Problem to solve
Which lines in the records below include the word "PoTA"? Report each of them in full.

Stored data
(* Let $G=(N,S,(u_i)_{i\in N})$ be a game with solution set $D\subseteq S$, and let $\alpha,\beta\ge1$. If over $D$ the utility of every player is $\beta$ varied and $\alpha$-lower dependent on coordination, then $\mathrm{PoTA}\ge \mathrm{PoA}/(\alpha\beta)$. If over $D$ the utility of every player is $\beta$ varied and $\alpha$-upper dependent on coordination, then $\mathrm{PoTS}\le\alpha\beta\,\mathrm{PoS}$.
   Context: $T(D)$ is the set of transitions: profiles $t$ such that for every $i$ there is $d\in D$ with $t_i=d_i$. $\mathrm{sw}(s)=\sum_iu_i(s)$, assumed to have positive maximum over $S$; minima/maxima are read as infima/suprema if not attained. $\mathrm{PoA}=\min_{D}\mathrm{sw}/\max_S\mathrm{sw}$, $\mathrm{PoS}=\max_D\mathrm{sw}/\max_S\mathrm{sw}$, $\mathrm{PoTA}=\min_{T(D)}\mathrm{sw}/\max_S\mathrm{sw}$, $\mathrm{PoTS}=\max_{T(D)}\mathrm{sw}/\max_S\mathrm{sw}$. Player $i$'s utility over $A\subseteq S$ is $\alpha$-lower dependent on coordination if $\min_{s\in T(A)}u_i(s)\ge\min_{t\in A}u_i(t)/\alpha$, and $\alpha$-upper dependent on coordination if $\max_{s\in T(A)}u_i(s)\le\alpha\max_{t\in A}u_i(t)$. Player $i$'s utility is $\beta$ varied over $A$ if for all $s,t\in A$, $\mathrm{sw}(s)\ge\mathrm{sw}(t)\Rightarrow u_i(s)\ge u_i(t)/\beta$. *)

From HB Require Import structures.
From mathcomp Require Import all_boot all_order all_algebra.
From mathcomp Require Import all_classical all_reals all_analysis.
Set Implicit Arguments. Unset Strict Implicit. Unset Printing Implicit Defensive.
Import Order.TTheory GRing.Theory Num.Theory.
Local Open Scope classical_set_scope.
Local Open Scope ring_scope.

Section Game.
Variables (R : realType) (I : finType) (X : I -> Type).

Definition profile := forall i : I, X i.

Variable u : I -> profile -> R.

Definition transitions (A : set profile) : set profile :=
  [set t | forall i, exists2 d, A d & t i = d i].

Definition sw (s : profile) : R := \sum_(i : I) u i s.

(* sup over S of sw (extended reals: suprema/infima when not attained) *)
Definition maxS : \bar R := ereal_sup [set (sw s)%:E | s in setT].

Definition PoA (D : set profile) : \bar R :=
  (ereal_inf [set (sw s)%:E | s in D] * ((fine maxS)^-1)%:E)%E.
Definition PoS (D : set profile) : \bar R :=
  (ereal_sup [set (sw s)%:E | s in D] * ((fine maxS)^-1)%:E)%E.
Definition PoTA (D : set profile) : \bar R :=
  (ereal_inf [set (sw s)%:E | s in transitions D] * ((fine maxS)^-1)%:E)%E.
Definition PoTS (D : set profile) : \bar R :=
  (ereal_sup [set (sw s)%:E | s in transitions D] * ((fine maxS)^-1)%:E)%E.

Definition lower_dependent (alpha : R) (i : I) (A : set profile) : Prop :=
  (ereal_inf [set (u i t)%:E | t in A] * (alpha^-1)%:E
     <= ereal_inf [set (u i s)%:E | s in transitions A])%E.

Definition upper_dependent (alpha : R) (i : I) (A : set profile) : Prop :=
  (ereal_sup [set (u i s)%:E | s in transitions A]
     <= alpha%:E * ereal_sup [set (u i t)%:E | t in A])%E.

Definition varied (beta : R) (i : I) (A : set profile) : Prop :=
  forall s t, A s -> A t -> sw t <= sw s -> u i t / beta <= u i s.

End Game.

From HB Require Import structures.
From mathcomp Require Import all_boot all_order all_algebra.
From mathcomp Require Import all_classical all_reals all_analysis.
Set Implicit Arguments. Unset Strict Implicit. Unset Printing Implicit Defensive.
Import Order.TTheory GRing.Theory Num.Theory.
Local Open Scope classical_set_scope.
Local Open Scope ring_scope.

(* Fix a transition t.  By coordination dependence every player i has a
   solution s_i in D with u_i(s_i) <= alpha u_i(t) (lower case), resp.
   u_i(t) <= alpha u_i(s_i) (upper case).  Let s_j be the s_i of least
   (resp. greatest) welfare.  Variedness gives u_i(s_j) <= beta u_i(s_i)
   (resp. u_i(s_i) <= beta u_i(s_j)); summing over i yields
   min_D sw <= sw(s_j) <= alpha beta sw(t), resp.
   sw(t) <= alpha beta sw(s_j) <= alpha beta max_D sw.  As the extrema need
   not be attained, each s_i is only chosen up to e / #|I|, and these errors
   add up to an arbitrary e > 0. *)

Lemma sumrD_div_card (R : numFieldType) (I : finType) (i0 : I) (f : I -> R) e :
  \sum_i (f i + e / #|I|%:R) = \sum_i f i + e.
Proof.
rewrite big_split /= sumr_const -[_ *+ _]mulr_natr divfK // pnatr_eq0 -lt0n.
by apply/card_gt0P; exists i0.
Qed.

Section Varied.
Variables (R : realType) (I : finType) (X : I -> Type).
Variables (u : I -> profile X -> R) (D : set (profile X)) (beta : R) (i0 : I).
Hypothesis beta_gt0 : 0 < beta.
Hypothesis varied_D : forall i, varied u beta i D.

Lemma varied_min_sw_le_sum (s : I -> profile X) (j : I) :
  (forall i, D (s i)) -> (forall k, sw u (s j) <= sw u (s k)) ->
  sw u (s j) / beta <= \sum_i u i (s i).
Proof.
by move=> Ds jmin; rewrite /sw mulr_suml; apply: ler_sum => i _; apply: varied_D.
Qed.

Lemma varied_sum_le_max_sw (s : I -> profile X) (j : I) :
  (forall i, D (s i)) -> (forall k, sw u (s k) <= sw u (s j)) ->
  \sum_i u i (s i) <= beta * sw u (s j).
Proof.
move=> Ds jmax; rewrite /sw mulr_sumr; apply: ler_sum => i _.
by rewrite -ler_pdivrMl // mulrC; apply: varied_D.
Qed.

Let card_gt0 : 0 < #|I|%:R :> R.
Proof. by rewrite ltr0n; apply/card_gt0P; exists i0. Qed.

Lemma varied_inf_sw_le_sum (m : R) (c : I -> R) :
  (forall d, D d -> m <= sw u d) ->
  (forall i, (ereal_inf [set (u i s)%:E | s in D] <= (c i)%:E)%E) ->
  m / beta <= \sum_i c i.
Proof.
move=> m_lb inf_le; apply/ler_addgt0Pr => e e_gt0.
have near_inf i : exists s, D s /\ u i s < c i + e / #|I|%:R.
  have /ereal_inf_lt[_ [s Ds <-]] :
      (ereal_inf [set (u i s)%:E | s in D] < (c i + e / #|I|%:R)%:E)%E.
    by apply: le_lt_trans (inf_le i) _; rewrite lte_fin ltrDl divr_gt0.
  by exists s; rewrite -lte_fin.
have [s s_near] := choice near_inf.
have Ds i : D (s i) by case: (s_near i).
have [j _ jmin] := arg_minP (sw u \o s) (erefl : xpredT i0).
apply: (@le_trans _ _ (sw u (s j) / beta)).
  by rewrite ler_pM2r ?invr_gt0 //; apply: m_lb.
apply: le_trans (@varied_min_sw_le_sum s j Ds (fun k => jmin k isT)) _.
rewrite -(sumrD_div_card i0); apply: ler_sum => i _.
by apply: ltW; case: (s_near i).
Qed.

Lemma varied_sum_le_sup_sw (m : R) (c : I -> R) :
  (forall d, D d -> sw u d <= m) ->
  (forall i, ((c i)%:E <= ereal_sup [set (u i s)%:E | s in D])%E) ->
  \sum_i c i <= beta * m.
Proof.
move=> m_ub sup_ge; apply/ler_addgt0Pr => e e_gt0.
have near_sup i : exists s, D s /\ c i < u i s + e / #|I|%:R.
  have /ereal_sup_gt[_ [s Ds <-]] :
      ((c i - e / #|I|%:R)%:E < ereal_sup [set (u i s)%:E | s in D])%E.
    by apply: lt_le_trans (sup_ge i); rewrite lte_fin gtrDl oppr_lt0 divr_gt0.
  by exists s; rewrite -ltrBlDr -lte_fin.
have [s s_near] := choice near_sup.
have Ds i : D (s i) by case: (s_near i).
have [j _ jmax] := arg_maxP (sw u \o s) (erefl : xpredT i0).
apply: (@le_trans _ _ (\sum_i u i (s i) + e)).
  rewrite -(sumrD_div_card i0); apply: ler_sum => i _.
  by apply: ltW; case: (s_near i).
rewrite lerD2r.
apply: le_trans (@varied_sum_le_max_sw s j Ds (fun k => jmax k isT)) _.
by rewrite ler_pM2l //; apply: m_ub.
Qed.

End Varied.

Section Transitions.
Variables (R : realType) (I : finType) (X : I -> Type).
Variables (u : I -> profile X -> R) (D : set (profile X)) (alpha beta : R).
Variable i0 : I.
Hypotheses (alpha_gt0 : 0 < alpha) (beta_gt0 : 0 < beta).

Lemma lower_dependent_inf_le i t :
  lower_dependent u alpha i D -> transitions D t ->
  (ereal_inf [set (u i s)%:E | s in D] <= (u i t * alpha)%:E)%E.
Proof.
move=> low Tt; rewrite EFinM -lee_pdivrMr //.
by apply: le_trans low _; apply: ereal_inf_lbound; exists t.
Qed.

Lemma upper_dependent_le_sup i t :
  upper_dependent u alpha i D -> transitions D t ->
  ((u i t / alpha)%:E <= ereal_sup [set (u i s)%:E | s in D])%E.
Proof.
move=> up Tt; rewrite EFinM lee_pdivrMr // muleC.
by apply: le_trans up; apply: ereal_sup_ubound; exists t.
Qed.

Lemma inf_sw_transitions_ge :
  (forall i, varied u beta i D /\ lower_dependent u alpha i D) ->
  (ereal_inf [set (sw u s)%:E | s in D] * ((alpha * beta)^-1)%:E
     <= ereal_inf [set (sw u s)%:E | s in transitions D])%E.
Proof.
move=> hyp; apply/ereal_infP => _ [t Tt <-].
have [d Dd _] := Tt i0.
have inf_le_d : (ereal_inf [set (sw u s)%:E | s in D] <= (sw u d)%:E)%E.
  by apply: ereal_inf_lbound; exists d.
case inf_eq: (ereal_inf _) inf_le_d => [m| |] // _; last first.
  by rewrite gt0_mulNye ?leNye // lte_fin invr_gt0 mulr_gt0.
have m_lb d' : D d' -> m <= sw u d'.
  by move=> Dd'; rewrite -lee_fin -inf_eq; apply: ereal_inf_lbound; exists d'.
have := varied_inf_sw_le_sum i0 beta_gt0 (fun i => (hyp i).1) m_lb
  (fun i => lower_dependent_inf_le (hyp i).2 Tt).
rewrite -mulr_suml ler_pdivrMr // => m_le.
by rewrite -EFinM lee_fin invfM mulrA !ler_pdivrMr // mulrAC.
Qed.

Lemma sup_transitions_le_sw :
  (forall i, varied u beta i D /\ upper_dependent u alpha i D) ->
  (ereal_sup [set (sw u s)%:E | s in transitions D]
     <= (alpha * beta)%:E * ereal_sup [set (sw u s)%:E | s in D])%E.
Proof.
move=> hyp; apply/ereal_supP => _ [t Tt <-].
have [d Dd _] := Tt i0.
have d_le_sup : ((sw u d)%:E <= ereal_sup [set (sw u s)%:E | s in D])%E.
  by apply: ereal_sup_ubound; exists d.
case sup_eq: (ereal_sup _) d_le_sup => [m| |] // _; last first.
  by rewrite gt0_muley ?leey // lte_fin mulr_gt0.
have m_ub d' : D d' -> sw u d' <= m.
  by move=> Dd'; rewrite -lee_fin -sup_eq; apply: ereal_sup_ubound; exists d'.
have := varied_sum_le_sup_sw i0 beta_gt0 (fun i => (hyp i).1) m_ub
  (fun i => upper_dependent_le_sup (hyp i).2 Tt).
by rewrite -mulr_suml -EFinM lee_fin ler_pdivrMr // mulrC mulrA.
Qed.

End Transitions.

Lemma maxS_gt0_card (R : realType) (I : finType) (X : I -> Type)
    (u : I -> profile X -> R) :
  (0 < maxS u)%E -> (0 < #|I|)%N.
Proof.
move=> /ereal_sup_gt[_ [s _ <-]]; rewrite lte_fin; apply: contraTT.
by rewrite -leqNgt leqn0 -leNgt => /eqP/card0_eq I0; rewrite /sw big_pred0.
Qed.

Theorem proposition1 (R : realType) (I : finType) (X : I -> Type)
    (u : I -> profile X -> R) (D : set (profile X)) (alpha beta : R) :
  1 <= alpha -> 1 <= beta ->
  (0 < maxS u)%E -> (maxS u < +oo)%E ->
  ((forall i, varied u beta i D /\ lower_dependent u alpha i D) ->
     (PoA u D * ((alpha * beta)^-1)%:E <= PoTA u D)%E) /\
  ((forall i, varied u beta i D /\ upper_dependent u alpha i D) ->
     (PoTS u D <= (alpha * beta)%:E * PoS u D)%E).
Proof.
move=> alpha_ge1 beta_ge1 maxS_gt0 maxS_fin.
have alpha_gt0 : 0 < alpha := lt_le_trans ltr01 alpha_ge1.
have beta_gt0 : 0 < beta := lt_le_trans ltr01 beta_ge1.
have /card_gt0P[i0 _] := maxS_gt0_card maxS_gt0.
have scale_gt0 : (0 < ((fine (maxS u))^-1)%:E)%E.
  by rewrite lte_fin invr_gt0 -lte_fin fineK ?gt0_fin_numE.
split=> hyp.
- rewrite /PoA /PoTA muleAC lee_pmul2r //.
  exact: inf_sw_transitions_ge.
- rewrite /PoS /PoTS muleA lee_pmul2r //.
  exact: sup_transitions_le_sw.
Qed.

--

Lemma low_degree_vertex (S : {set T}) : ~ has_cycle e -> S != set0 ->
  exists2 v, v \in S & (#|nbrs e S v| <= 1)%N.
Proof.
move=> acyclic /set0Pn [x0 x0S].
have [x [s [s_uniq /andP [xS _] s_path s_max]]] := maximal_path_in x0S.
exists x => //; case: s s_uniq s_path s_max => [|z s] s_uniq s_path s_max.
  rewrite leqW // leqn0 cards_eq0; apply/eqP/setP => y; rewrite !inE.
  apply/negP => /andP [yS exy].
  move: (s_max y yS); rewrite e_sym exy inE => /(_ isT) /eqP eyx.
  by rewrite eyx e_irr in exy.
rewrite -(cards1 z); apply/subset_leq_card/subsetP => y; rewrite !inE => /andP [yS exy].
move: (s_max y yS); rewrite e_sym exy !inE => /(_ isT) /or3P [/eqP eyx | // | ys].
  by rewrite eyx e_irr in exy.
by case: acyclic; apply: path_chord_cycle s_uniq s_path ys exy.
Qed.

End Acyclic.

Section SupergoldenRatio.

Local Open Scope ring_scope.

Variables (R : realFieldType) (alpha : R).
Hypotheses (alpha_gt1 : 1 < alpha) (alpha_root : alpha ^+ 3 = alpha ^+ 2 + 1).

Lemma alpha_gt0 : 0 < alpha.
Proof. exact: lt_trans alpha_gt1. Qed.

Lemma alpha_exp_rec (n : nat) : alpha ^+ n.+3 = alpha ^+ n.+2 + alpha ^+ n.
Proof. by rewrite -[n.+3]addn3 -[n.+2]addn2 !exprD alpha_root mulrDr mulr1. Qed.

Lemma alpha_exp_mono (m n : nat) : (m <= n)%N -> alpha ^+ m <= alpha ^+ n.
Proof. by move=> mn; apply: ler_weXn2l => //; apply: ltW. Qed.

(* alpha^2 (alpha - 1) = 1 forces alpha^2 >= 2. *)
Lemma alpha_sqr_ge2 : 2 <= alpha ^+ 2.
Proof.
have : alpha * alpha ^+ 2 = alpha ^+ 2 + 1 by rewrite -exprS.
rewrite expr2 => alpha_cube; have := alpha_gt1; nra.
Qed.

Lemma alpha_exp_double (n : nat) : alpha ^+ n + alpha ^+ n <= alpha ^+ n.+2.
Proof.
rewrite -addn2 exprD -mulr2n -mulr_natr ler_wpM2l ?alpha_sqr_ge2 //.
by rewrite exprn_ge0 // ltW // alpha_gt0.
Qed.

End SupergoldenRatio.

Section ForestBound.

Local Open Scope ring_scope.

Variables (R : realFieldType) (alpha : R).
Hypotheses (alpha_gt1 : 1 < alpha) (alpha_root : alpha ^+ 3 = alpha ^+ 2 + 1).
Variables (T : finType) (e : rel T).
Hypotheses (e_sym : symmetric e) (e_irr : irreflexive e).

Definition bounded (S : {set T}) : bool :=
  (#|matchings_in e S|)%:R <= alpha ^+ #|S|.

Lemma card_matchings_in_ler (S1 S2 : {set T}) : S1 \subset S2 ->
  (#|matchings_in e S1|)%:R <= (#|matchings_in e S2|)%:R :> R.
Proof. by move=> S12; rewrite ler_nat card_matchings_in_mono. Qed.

Exercise output
(* Let $G=(N,S,(u_i)_{i\in N})$ be a game with solution set $D\subseteq S$, and let $\alpha,\beta\ge1$. If over $D$ the utility of every player is $\beta$ varied and $\alpha$-lower dependent on coordination, then $\mathrm{PoTA}\ge \mathrm{PoA}/(\alpha\beta)$. If over $D$ the utility of every player is $\beta$ varied and $\alpha$-upper dependent on coordination, then $\mathrm{PoTS}\le\alpha\beta\,\mathrm{PoS}$.
   Context: $T(D)$ is the set of transitions: profiles $t$ such that for every $i$ there is $d\in D$ with $t_i=d_i$. $\mathrm{sw}(s)=\sum_iu_i(s)$, assumed to have positive maximum over $S$; minima/maxima are read as infima/suprema if not attained. $\mathrm{PoA}=\min_{D}\mathrm{sw}/\max_S\mathrm{sw}$, $\mathrm{PoS}=\max_D\mathrm{sw}/\max_S\mathrm{sw}$, $\mathrm{PoTA}=\min_{T(D)}\mathrm{sw}/\max_S\mathrm{sw}$, $\mathrm{PoTS}=\max_{T(D)}\mathrm{sw}/\max_S\mathrm{sw}$. Player $i$'s utility over $A\subseteq S$ is $\alpha$-lower dependent on coordination if $\min_{s\in T(A)}u_i(s)\ge\min_{t\in A}u_i(t)/\alpha$, and $\alpha$-upper dependent on coordination if $\max_{s\in T(A)}u_i(s)\le\alpha\max_{t\in A}u_i(t)$. Player $i$'s utility is $\beta$ varied over $A$ if for all $s,t\in A$, $\mathrm{sw}(s)\ge\mathrm{sw}(t)\Rightarrow u_i(s)\ge u_i(t)/\beta$. *)
Definition PoTA (D : set profile) : \bar R :=
     (PoA u D * ((alpha * beta)^-1)%:E <= PoTA u D)%E) /\
- rewrite /PoA /PoTA muleAC lee_pmul2r //.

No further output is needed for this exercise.